On se le fait dire constamment par les illettrés économiques: les riches s’enrichissent et les pauvres s’appauvrissent! C’est évidemment faux. Enfin, la seconde partie de l’affirmation est fausse. La réalité est que pratiquement tout le monde s’enrichit dans une économie en croissance, mais à des degrés divers.
Il est vrai toutefois que les inégalités semblent s’accroître lorsqu’on observe les écarts de richesse, ce qui n’est pas très surprenant. Les personnes à revenu modeste, qui ne possèdent aucun actif ni aucun investissement, ne peuvent compter que sur leurs augmentations de salaire pour améliorer leur sort. Les personnes aisées ont au contraire souvent diverses sources de revenu qui s’accroissent en même temps. Leur salaire augmente, leurs investissements rapportent, leurs actifs prennent de la valeur.
Ainsi, même si le taux d’augmentation du revenu est le même pour le pauvre et le riche – disons, 3% par année –, ça signifie qu’en termes nominaux, les écarts vont sembler toujours plus grands. Le millionnaire est plus riche de 30 000$ après une année; celui qui a un revenu de 10 000$ dispose de seulement 300$ de plus. L’écart de richesse entre les deux vient de passer de 990 000$ à 1 019 700$.
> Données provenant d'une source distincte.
Definition spiral_branch (E B c r : R) : Prop :=
       (Rabs B < E /\ 1 < 2 * E / (E + B) < r /\
          c = - sqrt ((E ^ 2 - B ^ 2) / (r - 1)))
    \/ (0 < E < B /\ 2 * E / (E - Rabs B) < r < 2 * E / (E + Rabs B) /\
          2 * E / (E + Rabs B) < 1 /\
          c = - sqrt ((E ^ 2 - B ^ 2) / (r - 1)))
    \/ (E = B /\ r = 1 /\ - 2 * B < c < 0).

Lemma spiral_branch_nonpos (E B c r : R) : spiral_branch E B c r -> c <= 0.
Proof.
  assert (Hs := sqrt_pos ((E ^ 2 - B ^ 2) / (r - 1))).
  intros [[_ [_ ->]] | [[_ [_ [_ ->]]] | [_ [_ [_ Hc]]]]]; lra.
Qed.

Lemma spiral_condition_neg_iff (E B c r : R) :
  0 < E -> c < 0 -> spiral_condition E B c r <-> spiral_branch E B c r.
Proof.
  intros HE Hc. unfold spiral_branch. split.
  - intro H.
    assert (HBE : - E < B) by (destruct H as [Hsq _]; nra).
    destruct (Rtotal_order B E) as [HB | [HB | HB]].
    + left. assert (HBa : Rabs B < E) by (apply Rabs_def1; lra).
      split; [exact HBa |].
      now apply (spiral_condition_neg_abs_lt E B c r Hc HBa).
    + right; right. split; [lra |].
      now apply (spiral_condition_neg_eq E B c r Hc (eq_sym HB)).
    + right; left. rewrite Rabs_right by lra. split; [lra |].
      now apply (spiral_condition_neg_gt E B c r Hc (conj HE HB)).
  - intros [[HB H] | [[[HE' HEB] H] | [HEB H]]].
    + now apply (spiral_condition_neg_abs_lt E B c r Hc HB).
    + rewrite Rabs_right in H by lra.
      now apply (spiral_condition_neg_gt E B c r Hc (conj HE' HEB)).
    + now apply (spiral_condition_neg_eq E B c r Hc HEB).
Qed.

Lemma spiral_condition_opp (E B c r : R) :
  spiral_condition E (- B) (- c) r <-> spiral_condition E B c r.
Proof.
  unfold spiral_condition.
  replace ((- c + - B) ^ 2) with ((c + B) ^ 2) by ring.
  replace ((- c) ^ 2) with (c ^ 2) by ring.
  replace ((- B) ^ 2) with (B ^ 2) by ring.
  reflexivity.
Qed.

Lemma spiral_condition_iff_branches (E B c r : R) :
  0 < E -> c <> 0 ->
  spiral_condition E B c r <-> spiral_branch E B c r \/ spiral_branch E (- B) (- c) r.
Proof.
  intros HE Hc.
  destruct (Rdichotomy _ _ Hc) as [Hneg | Hpos].
  - rewrite spiral_condition_neg_iff by assumption.
    split; [now left |].
    intros [H | H]; [exact H |].
    apply spiral_branch_nonpos in H. lra.
  - rewrite <- spiral_condition_opp, spiral_condition_neg_iff by lra.
    split; [now right |].
    intros [H | H]; [| exact H].
    apply spiral_branch_nonpos in H. lra.
Qed.

Lemma spiral_branch_opp (E B c r : R) :
  spiral_branch E (- B) (- c) r
  <-> (Rabs B < E /\ 1 < 2 * E / (E - B) < r /\
          c = sqrt ((E ^ 2 - B ^ 2) / (r - 1)))
    \/ (B < 0 /\ 0 < E < Rabs B /\ 2 * E / (E - Rabs B) < r < 2 * E / (E + Rabs B) /\
          2 * E / (E + Rabs B) < 1 /\
          c = sqrt ((E ^ 2 - B ^ 2) / (r - 1)))
    \/ (E = - B /\ r = 1 /\ 0 < c < - 2 * B).
Proof.
  unfold spiral_branch. rewrite Rabs_Ropp.
  replace ((- B) ^ 2) with (B ^ 2) by ring.
  assert (Hsqrt : forall s, - c = - s <-> c = s) by (intro; split; intro; lra).
  rewrite !Hsqrt.
  assert (Hneg : 0 < E < - B <-> B < 0 /\ 0 < E < Rabs B).
  { split.
    - intros HEB. rewrite Rabs_left by lra. lra.
    - intros [HB HEB]. rewrite Rabs_left in HEB by lra. exact HEB. }
  rewrite Hneg.
  assert (Hmid : - 2 * - B < - c < 0 <-> 0 < c < - 2 * B) by (split; intro; lra).
  rewrite Hmid.
  tauto.
Qed.

Lemma eq_div_iff_div_mul_eq_1 (k z a : R) :
  a <> 0 -> k <> 0 -> (k = z / a <-> z / (a * k) = 1).
Proof.
  intros Ha Hk. split; intro H.
  - replace z with (a * k) by (rewrite H; field; exact Ha). field. auto.
  - replace z with (z / (a * k) * (a * k)) by (field; auto).
    rewrite H. field. exact Ha.
Qed.

Theorem lemma4p5 (A B zg E z0 : R) (l : Z) :
  0 < A -> zg <> 0 -> 0 < E -> l <> 0%Z -> z0 <> 0 ->
  let g : heis := (0, 0, zg) in
  let omega := 2 * PI * A * IZR l / z0 in
  let r := zg / (PI * A * IZR l) in
  let cases :=
       (Rabs B < E /\ 1 < 2 * E / (E + B) < r /\
          z0 = - sqrt ((E ^ 2 - B ^ 2) / (r - 1)))
    \/ (Rabs B < E /\ 1 < 2 * E / (E - B) < r /\
          z0 = sqrt ((E ^ 2 - B ^ 2) / (r - 1)))
    \/ (0 < E < B /\ 2 * E / (E - Rabs B) < r < 2 * E / (E + Rabs B) /\
          2 * E / (E + Rabs B) < 1 /\
          z0 = - sqrt ((E ^ 2 - B ^ 2) / (r - 1)))
    \/ (B < 0 /\ 0 < E < Rabs B /\ 2 * E / (E - Rabs B) < r < 2 * E / (E + Rabs B) /\
          2 * E / (E + Rabs B) < 1 /\
          z0 = sqrt ((E ^ 2 - B ^ 2) / (r - 1)))
    \/ (E = B /\ IZR l = zg / (PI * A) /\ - 2 * B < z0 < 0)
    \/ (E = - B /\ IZR l = zg / (PI * A) /\ 0 < z0 < - 2 * B) in
  ((exists u0 v0 : R,
      spiraling u0 v0 z0 /\ menergy A B u0 v0 z0 = E /\
      gperiodic A B u0 v0 z0 g omega) <-> cases)
  /\
  (cases -> forall u0 v0 : R,
      u0 ^ 2 + v0 ^ 2 = A * (E ^ 2 - (z0 + B) ^ 2) ->
      spiraling u0 v0 z0 /\ menergy A B u0 v0 z0 = E /\
      gperiodic A B u0 v0 z0 g omega).
Proof.
  intros HA _ HE Hl Hz0 g omega r cases.
  assert (Hgeod : forall u0 v0,
    spiraling u0 v0 z0 /\ menergy A B u0 v0 z0 = E /\ gperiodic A B u0 v0 z0 g omega
    <-> u0 ^ 2 + v0 ^ 2 = A * (E ^ 2 - (z0 + B) ^ 2) /\ spiral_condition E B z0 r)
    by (intros; now apply central_periodic_spiral_iff).
  assert (Hcases : cases <-> spiral_condition E B z0 r).
  { assert (Hr1 : IZR l = zg / (PI * A) <-> r = 1).
    { apply eq_div_iff_div_mul_eq_1; [| now apply not_0_IZR].
      apply Rmult_integral_contrapositive_currified; [exact PI_neq0 | lra]. }
    unfold cases. rewrite Hr1, spiral_condition_iff_branches, spiral_branch_opp by assumption.
    unfold spiral_branch. tauto. }
  rewrite Hcases. split; [split |].
  - intros (u0 & v0 & H). apply Hgeod in H. exact (proj2 H).
  - intro Hc. exists (sqrt (A * (E ^ 2 - (z0 + B) ^ 2))), 0.
    apply Hgeod. split; [| exact Hc].
    destruct Hc as [Hsq _].
    replace (sqrt (A * (E ^ 2 - (z0 + B) ^ 2)) ^ 2 + 0 ^ 2)
      with (sqrt (A * (E ^ 2 - (z0 + B) ^ 2)) * sqrt (A * (E ^ 2 - (z0 + B) ^ 2))) by ring.
    apply sqrt_sqrt. nra.
  - intros Hc u0 v0 Hrho. now apply Hgeod.
Qed.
D’un point de vue libertarien, ces écarts de richesse n’ont aucune importance. Ce qui compte est que chacun soit libre de travailler, de produire, de commercer, et qu’il puisse récolter les fruits de son travail et des risques entrepreneuriaux qu’il prend. S’il le fait en respectant la propriété et les droits d’autrui et que toute la richesse qu’il en retire est légitimement acquise, personne ne devrait avoir quoi que ce soit à en redire. Cette personne a d’ailleurs permis à d’autres de s’enrichir en s’enrichissant elle-même. La redistribution de son revenu par l’État n’est qu’une forme de vol légal.
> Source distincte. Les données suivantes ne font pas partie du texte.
Lemma colim_dist_metric : metric_on [set: G] (fun x y => fine (cdist x y)).
Proof.
have [le_refl le_tr le_join _] := le_long.
have fine_ge0 p q : 0 <= fine (cdist p q).
  by rewrite -lee_fin fineK ?colim_dist_fin_num ?colim_dist_ge0.
move=> x y z _ _ _; split=> //.
- split=> [cxy0|<-].
    have [u hu] := colim_dist_eventually_ge x y; have [ux uy le0] := hu u (le_refl u).
    have [d_ge0 [d0 _] _ _] := d_metric ux uy ux.
    by apply: d0; apply/eqP; rewrite eq_le d_ge0 andbT -cxy0.
  have [c cx] := Gs_cover x; have [_ [_ dxx] _ _] := d_metric cx cx cx.
  apply/eqP; rewrite eq_le fine_ge0 andbT.
  by have := colim_dist_fine_le cx cx; rewrite dxx // mulr0.
- by rewrite colim_distC.
- have [u1 hu1] := colim_dist_eventually_ge x y.
  have [u2 hu2] := colim_dist_eventually_ge y z.
  have [k [u1k u2k]] := le_join u1 u2.
  rewrite -lee_fin fineK ?colim_dist_fin_num // EFinD.
  apply: le_trans (colim_dist_le_tail_sup k x z) _.
  apply: ge_ereal_sup => _ [b [kb [bx bz]] <-]; rewrite lee_fin.
  have [_ b_y dxy] := hu1 b (le_tr _ _ _ u1k kb).
  have [_ _ dyz] := hu2 b (le_tr _ _ _ u2k kb).
  have [_ _ _ tri] := d_metric bx b_y bz.
  exact: le_trans tri (lerD dxy dyz).
Qed.

End ColimDist.

Section ComparableMetric.
Variables (R : realType) (I G : Type) (le : I -> I -> Prop).
Variables (Gs : I -> set G) (d : I -> G -> G -> R) (r : G -> G -> R) (L : R).
Hypothesis le_long : long_directed le.
Hypothesis r_metric : metric_on [set: G] r.
Hypothesis r_eventually_ge : forall x y, exists u, forall b, le u b ->
  [/\ Gs b x, Gs b y & d b x y <= r x y].
Hypothesis L_gt0 : 0 < L.
Hypothesis r_le : forall a x y, Gs a x -> Gs a y -> r x y <= L * d a x y.

Lemma r_refl x : r x x = 0.
Proof. by have [_ [_ ->]] := @r_metric x x x Logic.I Logic.I Logic.I. Qed.

Lemma eventually_ge_seq (p q : nat -> G) : exists u, forall b, le u b -> forall n,
  [/\ Gs b (p n), Gs b (q n) & d b (p n) (q n) <= r (p n) (q n)].
Proof.
have [_ le_tr _ _] := le_long.
have [f hf] := choice (fun n => r_eventually_ge (p n) (q n)).
have [u hu] := long_directed_ub_seq le_long f.
by exists u => b ub n; apply: hf; exact: le_tr (hu n) ub.
Qed.

(* By contraposition along sequences: a sequence r-converging to (p1, p2)
   lies in a single level G_k on which d_k <= r, so it d_k-converges. *)
Lemma colim_ball2 (P : G -> G -> Prop) p1 p2 :
  (forall a, Gs a p1 -> Gs a p2 -> exists2 eps : R, 0 < eps &
     forall y1 y2, Gs a y1 -> Gs a y2 ->
       d a p1 y1 < eps -> d a p2 y2 < eps -> P y1 y2) ->
  exists2 eps : R, 0 < eps &
    forall y1 y2, r p1 y1 < eps -> r p2 y2 < eps -> P y1 y2.
Proof.
move=> hP; have [_ _ le_join _] := le_long.
have [eps eps_gt0 hball] : exists2 eps : R, 0 < eps & forall q : G * G,
    Num.max (r p1 q.1) (r p2 q.2) < eps -> P q.1 q.2.
  apply: exists_ball_of_seq => ys ys_lt.
  have [u1 hu1] := eventually_ge_seq (fun=> p1) (fun n => (ys n).1).
  have [u2 hu2] := eventually_ge_seq (fun=> p2) (fun n => (ys n).2).
  have [k [u1k u2k]] := le_join u1 u2.
  have [p1k _ _] := hu1 k u1k 0%N; have [p2k _ _] := hu2 k u2k 0%N.
  have [eps eps_gt0 hk] := hP k p1k p2k.
  have [n n_lt] := exists_natSinv_lt eps_gt0.
  have [_ y1k le1] := hu1 k u1k n; have [_ y2k le2] := hu2 k u2k n.
  exists n; move: (ys_lt n); rewrite gt_max => /andP[lt1 lt2].
  by apply: hk => //; [apply: le_lt_trans le1 (lt_trans lt1 n_lt)
                      | apply: le_lt_trans le2 (lt_trans lt2 n_lt)].
by exists eps => // y1 y2 lt1 lt2; apply: (hball (y1, y2)); rewrite gt_max lt1.
Qed.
Mais les riches ne s’enrichissent-ils que de façon légitime? N’y a-t-il aucun fondement aux dénonciations des écarts de richesse qui vont en augmentant?
Dans un article publié sur le site Mises.org, le renommée économiste George Riesman propose une analyse des effets pervers des politiques monétaires inflationnistes qui permet de répondre à la question. Ces politiques ne seraient pas uniquement responsables des cycles de boom et de repli économiques comme celui que nous traversons en ce moment, mais aussi d’une augmentation notable des inégalités, pour laquelle on blâme à tort le système capitaliste.
Ce n’est pas un accident si les deux principales périodes d’expansion du crédit dans l’histoire – les années 1920 et la période qui va du milieu des années 1990 à aujourd’hui – ont été caractérisées par une augmentation majeure des inégalités économiques. Autant dans les années 1920 que plus récemment, l’une des causes majeures de ces inégalités accrues est que les fonds additionnels créés par l’expansion du crédit se retrouvent rapidement dans les marchés financiers, où ils ont pour effet de faire grimer les prix des valeurs mobilières, et en particulier des actions ordinaires. Les propriétaires d’actions ordinaires sont majoritairement des individus financièrement à l’aise, qui se retrouvent soudainement à bénéficier de gains de capital substantiels. Ces gains sont d’autant plus impressionnants que l’expansion du crédit est considérable et prolongée et qu’elle permet de gonfler les prix des actions. Durant ce processus d'injection monétaire dans les marchés financiers, les banquiers d’affaires et les spéculateurs à la bourse se retrouvent dans une position où ils peuvent bénéficier de gains importants.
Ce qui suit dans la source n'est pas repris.